Правда, наутро, позавтракав, уже гораздо меньше переживали все это, а еще через неделю даже рассказали ребятам про наш злополучный заработок. И хлопцы надрывались от смеха. Да и мы тоже.
…В хате густой — не продохнуть — смрад. Кто-то бормочет во сне, кто-то стонет. В двух местах слышится храп. На припечке догорает последняя «катюша». Немец на кровати тоже утих и, навалившись на колени, спит сидя. На стене за ним зловеще чернеет его косая и широкая тень. Дремлет у порога санитар. Один только сержант возится в изголовье, поудобнее устраивая ногу и кутаясь в десантную куртку. Потом он собирается закурить и достает из кармана свой мефистофельский мундштук.
В который раз я поправляю на полу изболевшую ногу.
Сержант поднимает голову:
— Болит?
— Болит, зараза!
— Моя тоже. Днем еще терпимо, а ночью жжет, не уснуть.
— Наверно, ночью все раны сильнее болят.
— Ну, а ты думал, — соглашается сержант и после паузы сообщает: — Слушай, младшой, а твой немец, кажись, ничего.
— Кто его знает? Может, и ничего.
— Понимаешь… — Сержант сосредоточенно прикуривает от зажигалки. — Понимаешь, я было хотел его шпокнуть. Поначалу. Зол я на них, есть причина. Да гляжу — какой-то уж очень он не такой, этот Фриц. Учитель. Двое детей. Хотя бы уж буржуй какой-нибудь. Или эсэсовец.
Я молчу. Я понимаю его злобу на немцев. Только вот думаю: очень уж легки стали у нас на суд и расправу. Ни тебе начальства, ни трибунала, так просто, за здорово живешь — шпокну! Какое самоуправство! А может, он нужен где-нибудь в штабе? Впрочем, видно, виноват и я — пленных надо доводить до места, а не отираться с ними по санитарным частям, где раненые нервные, злые. Но это уже другой разговор.
— Понимаешь, третий раз не везет, — выдыхая дым, тихо говорит сержант. — Все не могу. Или, может, тюхтяй такой стал. Первый тяжелораненый попался, подняться не мог. Взял его винтовку, думаю, сейчас я тебя доконаю. Загнал патрон в патронник, а он так глянул на меня и говорит: «Данке, рус! Найн Сибир!» Ах ты, думаю, гад, Сибири боишься. Тогда живи, отведай Сибири! Не стал стрелять. Другого под Золачевом схватили. В разведке. Хотел пырнуть финкой, да не смог — молодой такой, пацан пацаном. Как наш Маковчик. Был такой в роте. Худенький, тонкий и кашляет. Ну, отвел в штаб, черт с ним, думаю. Попадется же в конце концов эсэсовец, тогда расквитаюсь.

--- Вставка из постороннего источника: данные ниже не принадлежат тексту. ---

(* A cycle cannot cross from [P] to [~~ P] and come back. *)
Lemma acyclic_split e (P : pred U) :
  (forall x y, e x y -> P y -> P x) ->
  ~~ has_directed_cycle [rel x y | [&& e x y, P x & P y]] ->
  ~~ has_directed_cycle [rel x y | [&& e x y, ~~ P x & ~~ P y]] ->
  ~~ has_directed_cycle e.
Proof.
set eP := [rel x y | _]; set eN := [rel x y | _].
move=> closed /acyclic_ancestors_lt ltP /acyclic_ancestors_lt ltN.
apply: (@potential_acyclic _
  (fun x => if P x then ancestors eP x else #|U| + ancestors eN x)) => x y exy.
have [Py|nPy] := boolP (P y).
  by have Px := closed x y exy Py; rewrite Px ltP //= exy Px.
have [Px|nPx] := boolP (P x); last by rewrite ltn_add2l ltN //= exy nPx.
by rewrite -addn1 leq_add ?max_card ?ancestors_gt0.
Qed.

Lemma acyclic_ascent_ends e (S : {set U}) :
  ~~ has_directed_cycle e -> S != set0 ->
  ~ (forall a, a \in S -> exists2 b, b \in S & exists z, e a z && connect e z b).
Proof.
move=> acyc /set0Pn [a0 a0S] up.
have [a aS a_max] := @arg_maxnP _ a0 (mem S) (ancestors e) a0S.
have [b bS [z /andP [eaz czb]]] := up a aS.
have := connect_potential_le (acyclic_ancestors_lt acyc) czb.
by have := acyclic_ancestors_lt acyc eaz; have := a_max b bS; lia.
Qed.

Lemma acyclic_descent_ends e (S : {set U}) :
  ~~ has_directed_cycle e -> S != set0 ->
  ~ (forall a, a \in S -> exists2 b, b \in S & exists z, e b z && connect e z a).
Proof.
move=> acyc /set0Pn [a0 a0S] down.
have [a aS a_min] := @arg_minnP _ a0 (mem S) (ancestors e) a0S.
have [b bS [z /andP [ebz cza]]] := down a aS.
have := connect_potential_le (acyclic_ancestors_lt acyc) cza.
by have := acyclic_ancestors_lt acyc ebz; have := a_min b bS; lia.
Qed.

End Acyclicity.

Section SpanningTree.
Variable U : finType.
Theorem theorem2p7 (K : fieldType) (q : K) (n d : nat)
    (T : nat -> 'M[K]_d) (Dp Dm : 'M[K]_d) :
  q != 0 ->
  2%:R * \prod_(1 <= i < n) (1 + q ^+ i) != 0 ->
  HB_rel n q T ->
  (* D is a simple H(B_n)-module *)
  simple_sub (genB n T) 1%:M ->
  (* D restricted to H(D_n) is D_+ (+) D_-, with D_+, D_- simple, non-isomorphic *)
  simple_sub (genD n T) Dp ->
  simple_sub (genD n T) Dm ->
  (Dp + Dm == 1%:M)%MS -> mxdirect (Dp + Dm) ->
  ~ mod_iso (genD n T) Dp Dm ->
  exists Sp Sm : 'M[K]_d,
    [/\ is_socle (genD n.-1 T) Dp Sp, is_socle (genD n.-1 T) Dm Sm &
        mod_iso (genD n.-1 T) Sp Sm].
Proof.
(* The condition on 2 * prod (1 + q^i) only serves to make D split over
   H(D_n), which is assumed here. *)
move=> q0 _ HB simB simP simM /andP[_ fullPM] /mxdirect_addsP dPM notiso.
have [n0 | n_gt0] := posnP n.
  (* H(B_0) = K, so D is one-dimensional and cannot split. *)
  have [nzP _ _] := simP; have [nzM _ _] := simM.
  have sPB : stable (genB n T) Dp by rewrite n0.
  by move: nzP; rewrite (stable_simple_eq0 simB sPB dPM nzM) eqxx.
have uL : jm T n.-1 \in unitmx by rewrite (jm_unit HB q0) ?prednK.
have cL := jm_centralizes HB n_gt0.
have [Sp socP] := socle_exists (genD n.-1 T) Dp.
exists Sp, (Sp *m jm T n.-1); split => //; last exact: mod_isoMr.
exact: is_socleMr uL cL (jm_Dp q0 HB n_gt0 simB simP simM dPM fullPM notiso) socP.
Qed.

Сержант, кряхтя, удобнее прилаживается на койке и прислушивается к грохоту какой-то машины за окном.
— Завтра эвакуируют. На месяца два теперь отдых… Перевязки. Сестра — утку! Паскудство одно. Не люблю! — отрезает он и затягивается из трофейного мундштука. Потом хмурится. — А Маковчика через неделю осколком в позвоночник. Эх! Разрази тебя в тысячу трах-тарарах!..
Он остервенело ругается пятиэтажным матом и злобно плюет в порог. Рядом поднимает голову Катя, и я удивляюсь: оказывается, она не спит — печально сидит, опершись на коленки, словно обособившаяся от всего и всех в этой хате. В ее невеселых глазах слезы. Я почти пугаюсь:
— Вы что?
Она даже не повернула головы.
— А тебе что за дело?
— Да я так. Думал…
— Отстань.
Можно и отстать, коли нет желания ответить. В самом деле, чего мне набиваться с сочувствием, как будто мне мало своих забот и своей боли? К тому же усталость берет свое, и меня снова начинает одолевать сон. До утра, видно, еще далеко…
Глава пятнадцатая
Чем ближе к вокзалу, тем все больше людей. На стоянке такси — большущая очередь, которой лихо распоряжается дежурный с красной повязкой. Запоздалые пассажиры спешат на пригородный поезд. С флегматичной неторопливостью, убивая время, по тротуару проходит комендантский патруль — двое солдат и майор. В петлицах технические эмблемы, майору на вид лет сорок пять. Да, постарел офицерский корпус, думаю я, не то что в войну. Когда-то у нас в полку самый старший офицер — начальник артвооружения — имел тридцать восемь. Командиру полка было тридцать два. Батальонами командовали двадцати-пяти-двадцативосьмилетние хлопцы. Впрочем, нам, взводным, они в то время казались почти пожилыми.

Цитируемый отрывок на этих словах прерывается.